» WHAT IS BEING ASKED: Write out exactly the lines running from the line that includes "by rewrite /c" to the end of the data, both ends included, and nothing besides.

===== EXTRACTED DATA =====

Lemma eqmodX_coef m p q i : eqmodX m p q -> (i < m)%N -> p`_i = q`_i.
Proof.
by case=> s Es lt_im; apply/eqP; rewrite -subr_eq0 -coefB Es coefMXn lt_im.
Qed.

Lemma eqmodX0_exp m q : eqmodX 1 q 0 -> eqmodX m (q ^+ m) 0.
Proof. by case=> s; rewrite subr0 expr1 => ->; exists (s ^+ m); rewrite subr0 exprMn. Qed.

End TruncatedSeries.

Section AlternatingSeries.
Variable V : numDomainType.
Implicit Types p q : {poly V}.

Definition alternating p : Prop := forall i, 0 <= (-1) ^+ i * p`_i.

Lemma alternating0 : alternating 0.
Proof. by move=> i; rewrite coef0 mulr0. Qed.

Lemma alternating1 : alternating 1.
Proof. by case=> [|i]; rewrite coefC /= ?mulr1 ?mulr0. Qed.

Lemma alternatingD p q : alternating p -> alternating q -> alternating (p + q).
Proof. by move=> Ap Aq i; rewrite coefD mulrDr addr_ge0. Qed.

Lemma alternatingZ (c : V) p : 0 <= c -> alternating p -> alternating (c *: p).
Proof. by move=> c_ge0 Ap i; rewrite coefZ mulrCA mulr_ge0. Qed.

Lemma alternatingM p q : alternating p -> alternating q -> alternating (p * q).
Proof.
move=> Ap Aq i; rewrite coefM mulr_sumr; apply: sumr_ge0 => j _.
have -> : (-1) ^+ i = (-1) ^+ j * (-1) ^+ (i - j) :> V.
  by rewrite -exprD subnKC // -ltnS.
by rewrite mulrACA mulr_ge0.
Qed.

Lemma alternatingX p k : alternating p -> alternating (p ^+ k).
Proof.
move=> Ap; elim: k => [|k IHk]; first exact: alternating1.
by rewrite exprS; apply: alternatingM.
Qed.

Lemma alternating_sum K (F : nat -> {poly V}) :
  (forall i, alternating (F i)) -> alternating (\sum_(i < K) F i).
Proof.
move=> AF; elim: K => [|K IHK]; first by rewrite big_ord0; apply: alternating0.
by rewrite big_ord_recr; apply: alternatingD.
Qed.

Lemma alternatingN_mulX p : alternating p -> alternating (- ('X * p)).
Proof.
move=> Ap [|i]; first by rewrite coefN coefXM oppr0 mulr0.
by rewrite coefN coefXM /= exprS mulN1r mulrNN.
Qed.

Lemma alternatingN_exp_coef p k n : alternating (- p) -> (k <= n)%N ->
  0 <= (-1) ^+ (n - k) * (p ^+ k)`_n.
Proof.
move=> Ap le_kn; have := alternatingX k Ap n.
have -> : (- p) ^+ k = ((-1) ^+ k)%:P * p ^+ k.
  by rewrite [LHS]exprNn polyC_exp polyCN polyC1.
rewrite coefCM mulrA -exprD.
have -> : (n + k = n - k + k.*2)%N by rewrite -addnn addnA subnK.
by rewrite exprD -[(-1) ^+ k.*2]signr_odd odd_double mulr1.
Qed.

End AlternatingSeries.

Section CompositionalInverse.
Variables (V : numDomainType) (r K : nat).
Implicit Types e : {poly V}.
Let c : V := (-1) ^+ r.

(* phi(e), each geometric series cut after K terms *)
Definition approx_recip e : {poly V} :=
  (\sum_(i < r) e ^+ i + (1 - c)%:P * (e ^+ r * \sum_(i < K) e ^+ i))
  * \sum_(m < K) (e ^+ r * e ^+ r) ^+ m.

Lemma alternating_approx_recip e : alternating e -> alternating (approx_recip e).
Proof.
have c_le1 : c <= 1.
  by rewrite /c -signr_odd; case: (odd r); rewrite ?expr1 ?expr0 // (le_trans (lerN10 _)).
move=> Ae; apply: alternatingM; last first.
  by apply: alternating_sum => i; apply/alternatingX/alternatingM; apply: alternatingX.
apply: alternatingD; first by apply: alternating_sum => i; apply: alternatingX.
rewrite mul_polyC; apply: alternatingZ; first by rewrite subr_ge0.
by apply: alternatingM; [apply: alternatingX | apply: alternating_sum => i; apply: alternatingX].
Qed.

Lemma eqmodX_approx_recip m e e' :
  eqmodX m e e' -> eqmodX m (approx_recip e) (approx_recip e').
Proof.
move=> E; apply: eqmodXM; last first.
  by apply: eqmodX_sum => i; apply: eqmodXX; apply: eqmodXM; apply: eqmodXX.
apply: eqmodXD; first by apply: eqmodX_sum => i; apply: eqmodXX.
apply: eqmodXM; first exact: eqmodX_refl.
by apply: eqmodXM; [apply: eqmodXX | apply: eqmodX_sum => i; apply: eqmodXX].
Qed.

Hypothesis r_gt0 : (0 < r)%N.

=====

» TASK RESPONSE:
  by rewrite /c -signr_odd; case: (odd r); rewrite ?expr1 ?expr0 // (le_trans (lerN10 _)).
move=> Ae; apply: alternatingM; last first.
  by apply: alternating_sum => i; apply/alternatingX/alternatingM; apply: alternatingX.
apply: alternatingD; first by apply: alternating_sum => i; apply: alternatingX.
rewrite mul_polyC; apply: alternatingZ; first by rewrite subr_ge0.
by apply: alternatingM; [apply: alternatingX | apply: alternating_sum => i; apply: alternatingX].
Qed.

Lemma eqmodX_approx_recip m e e' :
  eqmodX m e e' -> eqmodX m (approx_recip e) (approx_recip e').
Proof.
move=> E; apply: eqmodXM; last first.
  by apply: eqmodX_sum => i; apply: eqmodXX; apply: eqmodXM; apply: eqmodXX.
apply: eqmodXD; first by apply: eqmodX_sum => i; apply: eqmodXX.
apply: eqmodXM; first exact: eqmodX_refl.
by apply: eqmodXM; [apply: eqmodXX | apply: eqmodX_sum => i; apply: eqmodXX].
Qed.

Hypothesis r_gt0 : (0 < r)%N.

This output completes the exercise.